The input: Begin
Lemma orth_consecutive_I :
  dot (wedge (x i) (x i.+1)) (x j.-1) = 0 /\ dot (wedge (x i) (x i.+1)) (x j) = 0.
Proof.
have [] := @orth_until_I i j.-1 _ (fun m hm => gap (k := m) (ltac:(lia))); first lia.
by rewrite prednK.
Qed.

Lemma triple_consecutive_I : triple (x j.-1) (x j) (x j.+1) != 0.
Proof. by move: Ij; rewrite in_I_triple => /andP[]. Qed.

Lemma Wsp_consecutive_I_neq : ~~ (Wsp x i == Wsp x j)%MS.
Proof.
apply/negP => /andP[_]; rewrite col_mx_sub => /andP[_ /dot_wedge_submx xj1].
have [xj0 xj] := orth_consecutive_I.
move/eqP: triple_consecutive_I; apply.
exact: orth_triple0 (wedge_succ_neq0 i_gt0) xj0 xj xj1.
Qed.

Lemma X_le_HW_consecutive_I : (cd (x j) i0)%:~R <= HW R x i * HW R x j.
Proof.
have [xj0 xj] := orth_consecutive_I.
set a := wedge (x i) (x i.+1) in xj0 xj *; set b := wedge (x j) (x j.+1).
have ab0 : wedge a b != 0.
  apply/eqP => /(wedge_eq0_dot (x j.-1))/eqP; rewrite xj0 mulr0 mulf_eq0 dot_self_eq0.
  by rewrite (negbTE (wedge_succ_neq0 i_gt0)) dotC (negbTE triple_consecutive_I).
have bxj : dot b (x j) = 0 by rewrite dotC dot_wedgeKl.
have [t abE] := wedge_minimal_eq0 j_pos (wedge_wedge_orth xj bxj).
have t2 : 1 <= t ^+ 2.
  have t0 : t != 0 by apply: contraNneq ab0 => t0; rewrite abE t0 scale0r.
  by rewrite -gtz0_ge1 lt0r sqrf_eq0 t0 sqr_ge0.
have Xj2 : cd (x j) i0 ^+ 2 <= dot a a * dot b b.
  have le_t2 : dot (x j) (x j) <= t ^+ 2 * dot (x j) (x j).
    by rewrite -[X in X <= _]mul1r ler_wpM2r ?dot_self_ge0.
  rewrite -lagrange_identity abE dotZZ (le_trans (sqr_cd0_le_dot _)) //.
  by rewrite (le_trans le_t2) // lerDl sqr_ge0.
rewrite /HW !norm2E -/a -/b -sqrtrM ?ler0z ?dot_self_ge0 // -intrM.
have Xj0 : 0 <= (cd (x j) i0)%:~R :> R by rewrite ler0z (ltW (X_gt0 j_pos)).
rewrite -(ger0_norm Xj0) -sqrtr_sqr.
by apply: ler_wsqrtr; rewrite -rmorphXn ler_int.
Qed.

End ConsecutiveIndices.

End MinimalPoints.

Theorem lemma3p2 (R : realType) (xi eta : R) (x : nat -> Z3) :
  Qlin_indep3 xi eta ->
  (exists f : {mpoly rat[2]},
      irreducible_mpoly f /\ msize f = 3%N /\ ~ in_Qx f /\
      (map_mpoly (ratr : rat -> R) f).@[pt2 xi eta] = 0) ->
  (exists2 lam : R, 1 / 2 < lam & uniform_exponent_gt xi eta lam) ->
  minimal_points xi eta x ->
  (forall N : nat, exists2 i : nat, (N <= i)%N & in_I x i) /\
  (forall i j : nat, in_I x i -> in_I x j -> (i < j)%N ->
     (forall k : nat, (i < k < j)%N -> ~~ in_I x k) ->
     ~~ (Wsp x i == Wsp x j)%MS /\
     ((cd (x j) i0)%:~R : R) <= HW R x i * HW R x j).
Proof.
move=> indep _ _ /minimal_points_minimizing x_min; split.
  exact: in_I_unbounded indep x_min.
move=> i j Ii Ij ij gap.
have W_neq := Wsp_consecutive_I_neq indep x_min Ii Ij ij gap.
have X_le_H := X_le_HW_consecutive_I indep x_min Ii Ij ij gap.
by split.
Qed.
The input: End
Your instructions:
Output exactly, and only, the lines running from the one that contains "have Xj0 : 0" through the last line of the entries above.

Your response:
have Xj0 : 0 <= (cd (x j) i0)%:~R :> R by rewrite ler0z (ltW (X_gt0 j_pos)).
rewrite -(ger0_norm Xj0) -sqrtr_sqr.
by apply: ler_wsqrtr; rewrite -rmorphXn ler_int.
Qed.

End ConsecutiveIndices.

End MinimalPoints.

Theorem lemma3p2 (R : realType) (xi eta : R) (x : nat -> Z3) :
  Qlin_indep3 xi eta ->
  (exists f : {mpoly rat[2]},
      irreducible_mpoly f /\ msize f = 3%N /\ ~ in_Qx f /\
      (map_mpoly (ratr : rat -> R) f).@[pt2 xi eta] = 0) ->
  (exists2 lam : R, 1 / 2 < lam & uniform_exponent_gt xi eta lam) ->
  minimal_points xi eta x ->
  (forall N : nat, exists2 i : nat, (N <= i)%N & in_I x i) /\
  (forall i j : nat, in_I x i -> in_I x j -> (i < j)%N ->
     (forall k : nat, (i < k < j)%N -> ~~ in_I x k) ->
     ~~ (Wsp x i == Wsp x j)%MS /\
     ((cd (x j) i0)%:~R : R) <= HW R x i * HW R x j).
Proof.
move=> indep _ _ /minimal_points_minimizing x_min; split.
  exact: in_I_unbounded indep x_min.
move=> i j Ii Ij ij gap.
have W_neq := Wsp_consecutive_I_neq indep x_min Ii Ij ij gap.
have X_le_H := X_le_HW_consecutive_I indep x_min Ii Ij ij gap.
by split.
Qed.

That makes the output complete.